Ups, sorry, I missed that mail. Probably read it on the mobile phone and
it became invisible for me later on. Busy day... ;)

The reordering in the workqueue seems fine to me and also still necessary.

Basically, if you delete a node right now the kernel might simply do a
RCU_INIT_POINTER(ptr_location, NULL), which has absolutely no barriers
or synchronization with the reader side.

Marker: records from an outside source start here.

Lemma abs_cont_deriv0_const T f : abs_cont_on T f ->
  ae_on T (fun t => derivable_pt_lim f t 0) ->
  forall s t, 0 <= s <= T -> 0 <= t <= T -> f t = f s.
Proof.
  intros Hf Hd.
  assert (Hle : forall s t, 0 <= s -> s <= t -> t <= T -> f t = f s).
  { intros s t Hs Hst HtT.
    assert (Hup : f t - f s <= 0 * (t - s)).
    { apply (abs_cont_increment_le T 0 f); auto; [lra|].
      apply (ae_on_impl _ _ _ Hd). intros u _ Hu. exists 0. split; [exact Hu | lra]. }
    assert (Hdown : -1 * f t - -1 * f s <= 0 * (t - s)).
    { apply (abs_cont_increment_le T 0 (fun x => -1 * f x)); auto; [lra | |].
      - apply (abs_cont_on_ext T (fun x => -1 * f x + 0 * x)); [intros; ring|].
        apply abs_cont_on_lin; [exact Hf | apply abs_cont_on_id].
      - apply (ae_on_impl _ _ _ Hd). intros u _ Hu. exists (-1 * 0).
        split; [exact (derivable_pt_lim_scal f (-1) u 0 Hu) | lra]. }
    lra. }
  intros s t Hs Ht. destruct (Rle_dec s t); [apply Hle | symmetry; apply Hle]; lra.
Qed.

Definition clamp (a b t : R) : R := Rmin (Rmax t a) b.

Lemma ae_on_meets_interval T (P : R -> Prop) a b : 0 <= a -> a < b -> b <= T ->
  ae_on T P -> exists t, a < t < b /\ P t.
Proof.
  intros Ha Hab HbT HP. apply NNPP. intro Hnone.
  (* otherwise [clamp a b], which rises from [a] to [b], would be flat almost everywhere *)
  assert (Hlip : forall p q, p <= q -> Rabs (clamp a b q - clamp a b p) <= q - p).
  { intros p q Hpq. unfold clamp, Rmin, Rmax. apply Rabs_le. repeat destruct Rle_dec; lra. }
  assert (Hflat : ae_on T (fun t => derivable_pt_lim (clamp a b) t 0)).
  { apply (ae_on_impl _ _ _ (ae_on_and _ _ _ HP (ae_on_and _ _ _ (ae_on_neq T a) (ae_on_neq T b)))).
    intros t _ [Ht [Hta Htb]].
    destruct (Rtotal_order t a) as [Hlo | [Heq | Hgt]]; [| contradiction |].
    - apply (derivable_pt_lim_locally_const _ _ (a - t)); [lra|]. intros h Hh.
      apply Rabs_def2 in Hh. unfold clamp, Rmin, Rmax. repeat destruct Rle_dec; lra.
    - destruct (Rtotal_order t b) as [Hlt | [Heq | Hhi]]; [| contradiction |].
      + exfalso. apply Hnone. exists t. split; [lra | exact Ht].
      + apply (derivable_pt_lim_locally_const _ _ (t - b)); [lra|]. intros h Hh.
        apply Rabs_def2 in Hh. unfold clamp, Rmin, Rmax. repeat destruct Rle_dec; lra. }
  assert (Hend := abs_cont_deriv0_const T (clamp a b) (abs_cont_on_lipschitz T _ Hlip) Hflat
                    a b ltac:(lra) ltac:(lra)).
  unfold clamp, Rmin, Rmax in Hend. repeat destruct Rle_dec; lra.
Qed.

Lemma abs_cont_ae_zero T f : 0 < T -> abs_cont_on T f -> ae_on T (fun t => f t = 0) ->
  forall t, 0 <= t <= T -> f t = 0.
Proof.
  intros HT Hf Hz t Ht. apply NNPP. intro Hne.
  destruct (abs_cont_on_continuous T f t Hf Ht (Rabs (f t)) (Rabs_pos_lt _ Hne)) as [d [Hd Hnear]].
  set (lo := Rmax 0 (t - d / 2)). set (hi := Rmin T (t + d / 2)).
  assert (0 <= lo /\ lo < hi /\ hi <= T /\ t - d / 2 <= lo /\ hi <= t + d / 2)
    by (unfold lo, hi, Rmin, Rmax; repeat destruct Rle_dec; lra).
  destruct (ae_on_meets_interval T _ lo hi ltac:(lra) ltac:(lra) ltac:(lra) Hz) as [s [Hs Hfs]].
  specialize (Hnear s ltac:(lra) ltac:(apply Rabs_def1; lra)).
  rewrite Hfs, Rminus_0_l, Rabs_Ropp in Hnear. lra.
Qed.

Thus you might get a callback
from the notifier for a delete event on the one CPU and you end up
queueing this fib entry after the delete queue, because the RCU walk
isn't protected by any means.

Looking closer at this series again, I overlooked the fact that you
fetch fib_seq using a rtnl_lock and rtnl_unlock pair, which first of all
orders fetching of fib_seq and thus the RCU dumping after any concurrent
executing fib table update, also the mutex_lock and unlock provide
proper acquire and release fences, so the CPU indeed sees the effect of
a RCU_INIT_POINTER update done on another CPU, because they pair with
the rtnl_unlock which might happen on the other CPU.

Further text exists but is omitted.